Professor Wood’s main research interests are in public policy and urban studies, housing finance and labour economics. He has published widely and is currently on the International Editorial Advisory Board of Urban Studies. Gavin Wood has consulted to a number of organisations including: the Organisation of Economic Cooperation and Development (OECD), the New Zealand Department of Labour, the Office of Fair Trading (WA), the Northern Housing Executive and the Australian Commonwealth Government’s National Housing Strategy.
In November 2006 the Australian Research Council awarded the RMIT centre a Linkage International Social Sciences Collaboration Grant for the project “Housing wealth and welfare: unlocking housing wealth over the life course". This is collaboration with researchers at the Department of Geography, Durham University.
Sara is a Principal Research Fellow at the Centre of Applied Social Research, within GSSS&P. Sara’s research interests centre on gender equality in employment at both the labour market and organisational levels. She has worked on many government and industry-funded research projects around pay equity, work & family balance, organisational change, discrimination and industrial relations. Sara has undertaken a number of ARC-funded projects, including a post-doctoral fellowship on discourses of discrimination in the workplace as well as ARC projects on the quality of part-time work including in policing and in legal firms, on the links between job quality and the mental health and well-being of working parents and their children, and on gender equitable organisational change. Sara is currently working on a number of major research projects on the impact of changing employment regulation on work/family/community balance through a regional perspective, the impact of government funding models on employment in the non-profit community services sector and the context, causes and prevention of sexual harassment in Australia.

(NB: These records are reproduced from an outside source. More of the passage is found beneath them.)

Lemma gamma_equiuniformity : equiuniformity oneH gamma U.
Proof.
split => // [h u Uu|u Uu].
  have -> : gamma h = alpha (rep h) by apply: funext => x; rewrite /gamma repP.
  exact: alpha_saturated.
have [w Uw sw] : exists2 w, U w & star_refines w u.
  by case: hU => _ _ _ [_ st _]; apply: st.
exists (sup_ball w oneH), w; split => //; first exact: nbhs_sup_ball.
move=> _ [V wV <-]; have [W uW sW] := sw V wV; exists W => //.
move=> z [k [y [Ok Vy ->]]]; apply: sW.
have [V' wV' [/= V'y V'ky]] := Ok y; rewrite alpha1 in V'y.
by exists V'; split => //; exists y.
Qed.

Lemma gamma_G_tychonoff : G_tychonoff mulH invH oneH gamma.
Proof.
split; first by split; [exact: Hgrp_topgroup | exact: hX | exact: gamma_action].
have accX : accessible_space X by case: hX.
apply: (equivariant_compactification hU accX).
- exact: sval_oneH.
- by move=> g h x; rewrite /gamma sval_mulH.
- by move=> h; rewrite /gamma repP; exact: alpha_ucont.
- by move=> h0 u Uu; exact: nbhs_sup_ball.
Qed.

Lemma Hgrp_local_base B : is_ubase U B -> exists L : set (set Hgrp),
  is_local_base oneH L /\ ((L #<= B)%card \/ countable L).
Proof.
case=> BU Bb; exists [set interior (sup_ball u oneH) | u in B].
split; last by left; exact: card_image_le.
split.
  move=> _ [u Bu <-]; split; first exact: open_interior.
  exact: (nbhs_sup_ball oneH (BU _ Bu)).
move=> N /nbhs_HgrpP [u' Uu' uN]; have [v Bv rv] := Bb u' Uu'.
exists (interior (sup_ball v oneH)); first by exists v.
move=> k /interior_subset kv; apply: uN => x.
exact: (cover_rel_refines rv (kv x)).
Qed.

Lemma Hgrp_narrow (I : Type) (S : set I) : narrow mulG eG S -> narrow mulH oneH S.
Proof.
move=> nG N nN; have [A [cA hA]] := nG _ (phi_continuous nN).
exists (phi @` A); split; first exact: card_le_trans (card_image_le phi A) cA.
move=> h; have [g <-] := phi_surj h; have [a [n [Aa Nn ->]]] := hA g.
by exists (phi a), (phi n); split; [exists a | | rewrite phiM].
Qed.

Lemma narrow_sup_net (I : Type) (S : set I) : narrow mulG eG S ->
  exists net : set (set X) -> I -> Hgrp, forall u, U u ->
    forall h, exists2 s, S s & sup_ball u (net u s) h.
Proof.
move=> nG; suff : forall u, exists net : I -> Hgrp, U u ->
    forall h, exists2 s, S s & sup_ball u (net s) h.
  by case/choice => net hnet; exists net.
move=> u; have [Uu|nUu] := pselect (U u); last by exists (fun=> oneH).
have cinv : continuous invG by case: hG => _ _ _ [].
have nV1 := near1_alpha_close Uu; rewrite -(group_inv1 mulGA mul1G mulVG) in nV1.
have [A [cA hA]] := nG _ (cinv eG _ nV1).
have [net hnet] := @pcard_surjP Hgrp I _ S
  (card_le_trans (card_image_le (fun a => phi (invG a)) A) cA).
exists net => _ h; have [a [n [Aa Nn ea]]] := hA (invG (rep h)).
have [s Ss es] := hnet _ (ex_intro2 _ _ a Aa erefl).
exists s => // x; rewrite es /= (repP h).
have -> : rep h = mulG (invG n) (invG a).
  by rewrite -(group_invM mulGA mul1G mulVG) -ea (group_invK mulGA mul1G mulVG).
by rewrite alphaM; apply: Nn.
Qed.

Lemma Hgrp_top_base B : is_ubase U B -> forall (I : Type) (S : set I),
  narrow mulG eG S -> exists BB : set (set Hgrp),
    is_top_base BB /\ (BB #<= B `*` S)%card.
Proof.
case=> BU Bb I S /narrow_sup_net [net hnet].
have [half hhalf] := cover_rel_half hU.
pose O (p : set (set X) * I) :=
  interior (sup_ball (half p.1) (net (half (half p.1)) p.2)).
exists (O @` (B `*` S)); split; last exact: card_image_le.
split; first by move=> _ [p _ <-]; exact: open_interior.
move=> W oW h Wh.
have /nbhs_HgrpP [u' Uu' u'W] : nbhs h W by apply: open_nbhs_nbhs.
have [u Bu ru] := Bb u' Uu'; have Uu := BU _ Bu.
have [Uv sv] := hhalf u Uu; have [Uw sw] := hhalf _ Uv.
have [s Ss hs] := hnet _ Uw h.
exists (O (u, s)); first by exists (u, s).
split.
  apply/nbhs_HgrpP; exists (half (half u)) => // k hk x.
  exact: sw (hs x) (hk x).
move=> k /interior_subset kv; apply: u'W => x; apply: (cover_rel_refines ru).
apply: sv (kv x); apply/cover_rel_sym/sw; first exact: hs.
exact: cover_rel_refl hU _ _ Uw.
Qed.

End transformation_group.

Tracey Ollis lectures in the Bachelor of Youth Work in the School of Global Studies, Social Sciences and Planning. She teaches the courses, Knowing Young People and Young People and Health Issues. She is interested in the intersection between education and social justice and in particular embodied knowledge and informal learning practices. Her current research for her PhD explores informal learning dimensions in activist contexts. Tracey has worked in a range of youth and community groups. Her position at the North West Youth Accommodation Group required her to convene a network of Youth Housing Services across the Northern region of Melbourne. This role was crucial in the coordination and service development of youth housing organisations and in providing housing to homeless young people. She has also been involved in regional and state-wide ministerial advisory committees regarding young people and homelessness. She is interested in housing and homelessness issues, in particular how they relate to women and children.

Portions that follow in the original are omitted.